Re: [PATCH 1/n] Add conditional compare support
- From: Richard Earnshaw <rearnsha at arm dot com>
- To: Zhenqiang Chen <zhenqiang dot chen at arm dot com>
- Cc: 'Richard Biener' <richard dot guenther at gmail dot com>, GCC Patches <gcc-patches at gcc dot gnu dot org>
- Date: Thu, 19 Sep 2013 10:12:38 +0100
- Subject: Re: [PATCH 1/n] Add conditional compare support
- Authentication-results: sourceware.org; auth=none
- References: <000001ce9e58$6dadf230$4909d690$ at arm dot com> <CAFiYyc25hLxrAnsOXbfqYo=Rsw_MDopxb66bygfac-CEsffOEw at mail dot gmail dot com> <521C9406 dot 6050901 at arm dot com> <CAFiYyc0zrBBUvRF0Vmv5PyvypfK75QYuc3D9AMTE+Fkh3nCq4Q at mail dot gmail dot com> <000001ceb453$ceaea3c0$6c0beb40$ at arm dot com>
On 18/09/13 10:45, Zhenqiang Chen wrote:
>> -----Original Message-----
>> From: Richard Biener [mailto:email@example.com]
>> Sent: Tuesday, August 27, 2013 8:18 PM
>> To: Richard Earnshaw
>> Cc: Zhenqiang Chen; GCC Patches
>> Subject: Re: [PATCH 1/n] Add conditional compare support
>> On Tue, Aug 27, 2013 at 1:56 PM, Richard Earnshaw <firstname.lastname@example.org>
>>> On 27/08/13 12:10, Richard Biener wrote:
>>>> What's this for and what's the desired semantics?

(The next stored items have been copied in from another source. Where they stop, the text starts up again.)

(* Writing f(p) = sum_n c_n p^(2n) with c_n >= 0 (c_0 = 1), g is the power series
   G(s) = sum_n c_n s^n on [0, oo); it has nonnegative coefficients, so it lies above
   each of its tangent lines there and their slopes are nonnegative.  This gives
   convexity, monotonicity, and Jensen's inequality g(<p^2>) <= <G(p^2)> = <f(p)>.
   On the support of psi the inverse p of P(p) = int_0^p 1/f satisfies p' = f(p),
   so integrating by parts turns <[x, p]> into i <f(p)>, and Cauchy-Schwarz between
   (p - <p>) psi and (x - <x>) psi gives Delta x Delta p >= <f(p)>^2 / 4.  Finally
   Delta p <= <p^2> and g is nondecreasing, so <f(p)> >= g(Delta p) >= 1. *)

Lemma Rint_RInt (g : R -> R) (a b : R) : ex_RInt g a b -> Rint g a b = RInt g a b.
Proof.
  intros Hg. unfold Rint.
  destruct (epsilon_spec (inhabits 0)
    (fun I => exists pr : Riemann_integrable g a b, RiemannInt pr = I)) as [pr <-].
  - exists (RiemannInt (ex_RInt_Reals_0 _ _ _ Hg)), (ex_RInt_Reals_0 _ _ _ Hg).
    reflexivity.
  - symmetry. apply RInt_Reals.
Qed.

Lemma is_RInt_lincomb2 (g1 g2 h : R -> R) (a b c1 c2 I1 I2 : R) :
  (forall x, h x = c1 * g1 x + c2 * g2 x) ->
  is_RInt g1 a b I1 -> is_RInt g2 a b I2 -> is_RInt h a b (c1 * I1 + c2 * I2).
Proof.
  intros Eh H1 H2.
  apply (is_RInt_ext (V := R_NormedModule) (fun x => c1 * g1 x + c2 * g2 x)).
  - intros x _. symmetry. apply Eh.
  - exact (is_RInt_plus _ _ _ _ _ _ (is_RInt_scal _ _ _ c1 _ H1)
                                    (is_RInt_scal _ _ _ c2 _ H2)).
Qed.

I don't like having
>>>> extra tree codes for this. Is this for a specific instruction set
>>> The background is to support the conditional compare instructions in
>>> ARM (more effectively) and AArch64 at all.
>>> The current method used in ARM is to expand into a series of
>>> store-flag instructions and then hope that combine can optimize them
>>> away (though that fails far too often, particularly when the first
>>> instruction in the sequence is combined into another pattern). To
>>> make it work at all the compiler has to lie about the costs of various
>>> store-flag type operations which overall risks producing worse code
>>> and means we also have to support many more complex multi-instruction
>>> patterns than is desirable. I really don't want to go down the same
>> for AArch64.
>>> The idea behind all this is to capture potential conditional compare
>>> operations early enough in the mid end that we can keep track of them
>>> until RTL expand time and then to emit the correct logic on all
>>> targets depending on what is the best thing for that target. The
>>> current method of lowering into store-flag sequences doesn't really cut
>> It seems to me that then the initial instruction selection process (aka
>> expansion) needs to be improved. As we are expanding with having the CFG
>> around it should be easy enough to detect AND/ORIF cases and do better
>> here. Yeah, I suppose this asks to turn existing jump expansion
>> up-side-down to optimize with the GIMPLE CFG in mind.
>> The current way of LOGICAL_OP_NON_SHORT_CIRCUIT is certainly bogus -
>> fold-const.c is way too early to decide this. Similar to the ongoing work
>> expanding / building-up switch expressions in a GIMPLE pass, moving expand
>> complexity up the pipeline this asks for a GIMPLE phase that moves this
>> decision down closer to RTL expansion.
>> (We have tree-ssa-ifcombine.c that is a related GIMPLE transform pass)
> The patch is updated according to your comments. It is a basic support,
> which does not touch ifcombine and jump related optimizations yet.
> Current method is:
> 1) In fold-const, if HAVE_conditional_compare, set
> to optimize_function_for_speed_p. So we do not depend on BRANCH_COST.
> 2) Identify CCMP during expanding. A CCMP candidate is a BIT_AND_EXPR
> or BIT_IOR_EXPR, whose operators are compares.
> 3) Add a new op in optab to expand the CCMP to optimized RTL,
> e.g. and_scc_scc/ior_scc_scc in ARM.
> Bootstrap on ARM Chrome book.
> No make check regression on Pandaboard.
> 2013-09-18 Zhenqiang Chen <email@example.com>
> * config/arm/arm.md (conditional_compare): New.
> * expr.c (is_conditional_compare_candidate_p, expand_ccmp_expr):
> (expand_expr_real_1): Identify conditional compare.
> * fold-const.c (LOGICAL_OP_NON_SHORT_CIRCUIT): Update.
> * optabs.c (expand_ccmp_op): New.
> (get_rtx_code): Handle BIT_AND_EXPR and BIT_IOR_EXPR.
> * optabs.def (ccmp_optab): New.
> * optabs.h (expand_ccmp_op): New.
Some general comments.
1) How do we get to a conditional branch from this code. It seems your
new pattern generates a store-flag value rather than a branch expansion.
Are you expecting combine or some other later pass to clean that up?
2) Assuming we do end up with branches, why would we not want to do this
optimization when optimzing for space?
cmp r0, r1
cmpne r2, r3
is shorter than
cmp r0, r1
cmp r2, r3
3) Is there any way to generalize this for more complex expressions? Eg
if (a == b || a == c || a == d)
cmp a, b
cmpne a, c
cmpne a, d
Obviously, when optimizing for speed there will probably be a limit on
the number of compares that are desirable, but I don't see why we should
arbitrarily cap it at 2.